Singer, developed by Stitch, is an open source tool that helps deal with the messy world of custom ETL scripts. Singer is set up to allow users to mix and match inputs and outputs, making their ETL processes much more modular, and therefore easier to run and maintain. It’s also designed to use JSON to move all data between sources and destinations, so you won’t have to worry about incompatible formats once you’ve set your ETL tasks up to run. So how does Singer do all this? Basically, it breaks traditional ETL scripts into Taps and Targets, described below:

  • Taps: Taps are data extraction scripts, designed to pull data from files, databases and APIs
  • Targets: Targets are data loading scripts, designed to take the data extracted by Taps and move it along to their target destination

Pretty straightforward, right? We’ll run through how to actually use Singer for ETL in the next few sections.

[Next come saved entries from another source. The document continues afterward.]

(* A point moved after the descent has an inversion with some i <= d, hence with d. *)
Lemma card_moved_le : #|[set i | s i != i]| <=
  #|[set i : 'I_n | (i < d) && (s i != i)]| + (invR s d).+1.
Proof.
rewrite -(cardsID [set i : 'I_n | i < d] [set i | s i != i]).
have -> : [set i | s i != i] :&: [set i : 'I_n | i < d] =
          [set i : 'I_n | (i < d) && (s i != i)].
  by apply/setP => i; rewrite !inE andbC.
rewrite leq_add2l -add1n.
apply: leq_trans (_ : #|d |: [set j : 'I_n | (d < j) && (s j < s d)]| <= _); last first.
  by rewrite cardsU1 leq_add2r leq_b1.
apply: subset_leq_card; apply/subsetP => j; rewrite !inE => /andP [hjd hsj].
case: (eqVneq j d) => //= j_ne_d.
have d_lt_j : d < j by move: j_ne_d hjd; rewrite -(inj_eq val_inj) /=; lia.
have : 0 < invL s j.
  rewrite lt0n; apply/negP => /eqP invL0; move/negP: hsj; apply.
  by apply/eqP/val_inj; have := second_run_invL d_lt_j; rewrite invL0 addn0.
rewrite card_gt0 => /set0Pn [i]; rewrite inE d_lt_j => /andP [hij hsji] /=.
case: (ltngtP d i) => [hdi | hid | /val_inj edi].
- by have := (proj2 s_runs) i j hdi hij (ltn_ord j); lia.
- by have := (proj1 s_runs) i d (leq0n i) hid (ltnSn d); lia.
- by rewrite edi.
Qed.

Lemma invR_first_run_le1 : Istat s < #|[set i | s i != i]| ->
  forall i : 'I_n, i < d -> invR s i <= 1.
Proof.
move=> few_inv.
have moved_le_invR (i : 'I_n) : i < d -> (s i != i : nat) <= invR s i.
  move=> hid; have := first_run_invR (ltnW hid).
  case: (eqVneq (s i) i) => [// | si_ne] /= si; rewrite lt0n.
  apply/negP => /eqP invR0; move: si_ne; rewrite -(inj_eq val_inj) /= si invR0 addn0.
  by rewrite eqxx.
have sum_le : \sum_(i < n | i < d) invR s i + invR s d <= Istat s.
  rewrite Istat_sum_invR [X in _ <= X](bigID (fun i : 'I_n => i < d)) /= leq_add2l.
  by rewrite (bigD1 d) ?ltnn //= leq_addr.
have count_moved : #|[set i : 'I_n | (i < d) && (s i != i)]| =
                   \sum_(i < n | i < d) (s i != i : nat).
  by rewrite card_set_sum [RHS]big_mkcond /=; apply: eq_bigr => i _; case: (i < d).
have := card_moved_le; rewrite count_moved => moved_le.
move=> i0 hi0; rewrite leqNgt; apply/negP => invR_i0.
have : \sum_(i < n | i < d) (s i != i : nat) < \sum_(i < n | i < d) invR s i.
  rewrite (bigD1 i0) //= [X in _ < X](bigD1 i0) //= -addSn.
  apply: leq_add; first exact: leq_ltn_trans (leq_b1 _) invR_i0.
  by apply: leq_sum => i /andP [hid _]; apply: moved_le_invR.
by move: sum_le few_inv moved_le; lia.
Qed.

(* The first moved point x starts a run of shifts s i = i + 1 up to the descent. *)
Lemma one_descent_gcycle : (forall i : 'I_n, i < d -> invR s i <= 1) ->
  exists2 x, x <= d & s = gcycle_perm n x d.+1 (s d).+1.
Proof.
move=> invR_le1.
have d_in : (d == d) || (s d != d) by rewrite eqxx.
case: (@arg_minnP _ d (fun i : 'I_n => (i == d) || (s i != i)) val d_in).
move=> x x_first x_min.
have x_le_d : x <= d := x_min d d_in.
have fixed_before (i : 'I_n) : i < x -> s i = i.
  move=> hix; apply/eqP; apply: contraTT hix => si_ne.
  by rewrite -leqNgt x_min // si_ne orbT.
have shift_after (i : 'I_n) : x <= i -> i < d -> (s i : nat) = i.+1.
  move=> hxi hid; have x_lt_d : x < d by lia.
  have sx : (s x : nat) = x.+1.
    move: x_first; rewrite -(inj_eq val_inj) /= ltn_eqF //= => sx_ne.
    have := first_run_invR (ltnW x_lt_d); have := invR_le1 x x_lt_d.
    by move: sx_ne; rewrite -(inj_eq val_inj) /=; lia.
  have := increasing_on_gap (proj1 s_runs) (leq0n x) hxi (leqW hid).
  by have := first_run_invR (ltnW hid); have := invR_le1 i hid; lia.
have d_lt_sd := descent_lt_perm.
have hzn : (s d).+1 <= n := ltn_ord (s d).
exists x => //.
apply: (@increasing_tail_uniq _ _ _ d.+1) => [||i hid].
- exact: (proj2 s_runs).
- by apply: (proj2 (two_runs_gcycle_perm _ _ hzn)); lia.
have si : (s i : nat) = if i < x then (i : nat) else if i < d then i.+1 else s d.
  case: ifP => [/fixed_before -> // | /negbT]; rewrite -leqNgt => hxi.
  case: ifP => [hid' | /negbT]; first by rewrite shift_after.
  rewrite -leqNgt => hdi; congr (val (s _)); apply: val_inj.
  by apply/eqP; rewrite eqn_leq hdi -ltnS hid.
apply: val_inj; rewrite /= si gcycle_permE //; try lia.
by move: x_le_d hid d_lt_sd; rewrite /gcycle; case_ifs; lia.
Qed.

End OneDescent.

Lemma shallow_grassmannian_gcycle n (s : 'S_n) :
  shallow s -> grassmannian s -> s != 1%g ->
  exists x y z, [/\ x < y, y < z, z <= n & s = gcycle_perm n x y z].
Proof.
move=> s_shallow s_grass s_ne1.
have [no_desc | [d d_descent]] := set_0Vmem (descents s).
  by rewrite (descents_eq0_perm1 no_desc) eqxx in s_ne1.
have desc_d : descents s = [set d].
  by apply/esym/eqP; rewrite eqEcard sub1set d_descent cards1; exact: s_grass.
have s_runs : two_runs s d.+1.
  by apply: two_runs_descent => p; rewrite desc_d inE => /eqP ->.
have few_inv : Istat s < #|[set i | s i != i]|.
  have := Tstat_lt_card_moved s_ne1; have := Dstat_two_runs s_runs.
  by move: s_shallow; rewrite /shallow => /eqP; lia.
have [x x_le_d s_eq] :=
  one_descent_gcycle d_descent s_runs (invR_first_run_le1 d_descent s_runs few_inv).
exists x, d.+1, (s d).+1; split => //.
by rewrite ltnS (descent_lt_perm d_descent s_runs).
Qed.

Lemma shallow_grassmannian_perm1 n : shallow (1%g : 'S_n) && grassmannian (1%g : 'S_n).
Proof.
have no_desc : descents (1%g : 'S_n) = set0.
  apply/setP => i; rewrite !inE; apply/negbTE/existsP => -[j /andP [/eqP hj]].
  by rewrite !perm1 hj ltnNge leqnSn.
have D0 : Dstat (1%g : 'S_n) = 0.
  by rewrite /Dstat big1 // => i _; rewrite perm1 maxnn minnn subnn.
have I0 : Istat (1%g : 'S_n) = 0.
  have runs1 : two_runs (1%g : 'S_n) 0.+1.
    by apply: two_runs_descent => p; rewrite no_desc inE.
  by have := Dstat_two_runs runs1; rewrite D0; lia.
have cyc1 : cyc (1%g : 'S_n) = n.
  have all_fixed : [set x | (1%g : 'S_n) x == x] = setT.
    by apply/setP => i; rewrite !inE perm1 eqxx.
  have := card_fixed_le_porbits (1%g : 'S_n); have := card_porbits_le (1%g : 'S_n).
  rewrite all_fixed cardsT card_ord /cyc => le_n ge_n.
  by apply/eqP; rewrite eqn_leq le_n ge_n.
by rewrite /grassmannian no_desc cards0 /shallow /Tstat I0 D0 cyc1 subnn.
Qed.

Definition ltn_3tuples n := [set t : 3.-tuple 'I_n.+1 | sorted ltn (map val t)].

Definition gcycle_of_tuple n (t : 3.-tuple 'I_n.+1) : 'S_n :=
  let v := map val t in gcycle_perm n (nth 0 v 0) (nth 0 v 1) (nth 0 v 2).

Lemma ltn_3tuplesP n (t : 3.-tuple 'I_n.+1) : t \in ltn_3tuples n ->
  exists a b c : 'I_n.+1, [/\ t = [tuple a; b; c], a < b, b < c & c <= n].
Proof.
rewrite inE; case: t => [[|a [|b [|c [|? ?]]]] //= ht] /and3P [hab hbc _].
by exists a, b, c; split; [apply: val_inj | | | rewrite -ltnS].
Qed.

Lemma gcycle_of_tuple_inj n : {in ltn_3tuples n &, injective (@gcycle_of_tuple n)}.
Proof.
move=> t t' /ltn_3tuplesP [a [b [c [-> hab hbc hc]]]].
move=> /ltn_3tuplesP [a' [b' [c' [-> hab' hbc' hc']]]].
rewrite /gcycle_of_tuple /= => e.
by have [/val_inj -> /val_inj -> /val_inj ->] := gcycle_perm_inj hab hbc hc hab' hbc' hc' e.
Qed.

Lemma shallow_grassmannian_set n :
  [set s : 'S_n | shallow s && grassmannian s] = 1%g |: (@gcycle_of_tuple n @: ltn_3tuples n).
Proof.
apply/setP => s; rewrite !inE; apply/idP/idP.
  move=> /andP [s_shallow s_grass]; case: (eqVneq s 1%g) => [-> // | s_ne1].
  have [x [y [z [hxy hyz hzn ->]]]] := shallow_grassmannian_gcycle s_shallow s_grass s_ne1.
  apply/orP; right; apply/imsetP; exists [tuple inord x; inord y; inord z].
    by rewrite inE /= !inordK //; lia.
  by rewrite /gcycle_of_tuple /= !inordK //; lia.
case/orP => [/eqP -> | /imsetP [t /ltn_3tuplesP [a [b [c [-> hab hbc hc]]]] ->]].
  exact: shallow_grassmannian_perm1.
rewrite /gcycle_of_tuple /=.
by rewrite shallow_gcycle_perm // grassmannian_gcycle_perm.
Qed.

Lemma perm1_notin_gcycles n : (1%g : 'S_n) \notin @gcycle_of_tuple n @: ltn_3tuples n.
Proof.
apply/imsetP => -[t /ltn_3tuplesP [a [b [c [-> hab hbc hc]]]]].
rewrite /gcycle_of_tuple /= => /esym/eqP.
by rewrite (negbTE (gcycle_perm_neq1 hab hbc hc)).
Qed.

Theorem corollary6p4 (n : nat) : 2 <= n ->
  #|[set s : 'S_n | shallow s && grassmannian s]| = 'C(n.+1, 3) + 1.
Proof.
move=> _.
rewrite shallow_grassmannian_set cardsU1 perm1_notin_gcycles.
by rewrite (card_in_imset (@gcycle_of_tuple_inj n)) card_ltn_sorted_tuples addnC.
Qed.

Taps and Targets: how to use Singer for ETL

Requirements

  1. Python 3.5.2: Before getting started with Singer, you’re going to need to make sure you’re working with the right version of Python. Singer is designed to work with Python 3.5.2, so if you don’t have it installed, make sure to do that before proceeding.
  2. pip: This probably isn’t news to you, but pip is the package manager for Python--and since all existing Taps and Targets developed by the Singer team are available as pip-installable packages, you’ll want to make sure you have pip installed on your machine.
  3. Virtual environments: Singer recommends that you create a separate Python virtual environment for each Tap and Target, since this will help you avoid running into any conflicting dependencies when running your ETL jobs. The `virtualenv` package (installable through pip) makes this pretty easy.

Getting started

For the purposes of this tutorial, we’ll assume you’re trying to take advantage of an existing Tap and Target pair, but these guidelines will be roughly the same if you’re creating your own custom Taps and Targets.

First, you’ll need to create a virtual environment for your Tap. Replace <tap> with the name of the tap you’re trying to install in the code below:

`python3 -m venv ~/.virtualenvs/<tap>`

While you’re creating virtual environments, you might as well do the same for your Target now:

`python3 -m venv ~/.virtualenvs/<target>`

Then you’ll need to install the Tap and Target in their respective virtual environments using pip:

`source ~/.virtualenvs/<tap>/bin/activate
pip install <tap>

source ~/.virtualenvs/<target>/bin/activate
pip install <target>`

Once you have the Tap installed, you’ll need to edit the Tap’s config file (config.json) in your working directory. You’ll need to do this to set a few different parameters:

  • Credentials: You’ll need to enter the credentials you’ll use for pulling from the desired data source. Typically this will be an API key, but could be something else like login information.
  • Start date: Use this setting on your first sync to tell Singer how far back in the records it should go. Start dates need to be in a format that conforms to RFC3339 specification.
  • User agent: This is where you can enter contact information in case the API provider needs to get in contact with you.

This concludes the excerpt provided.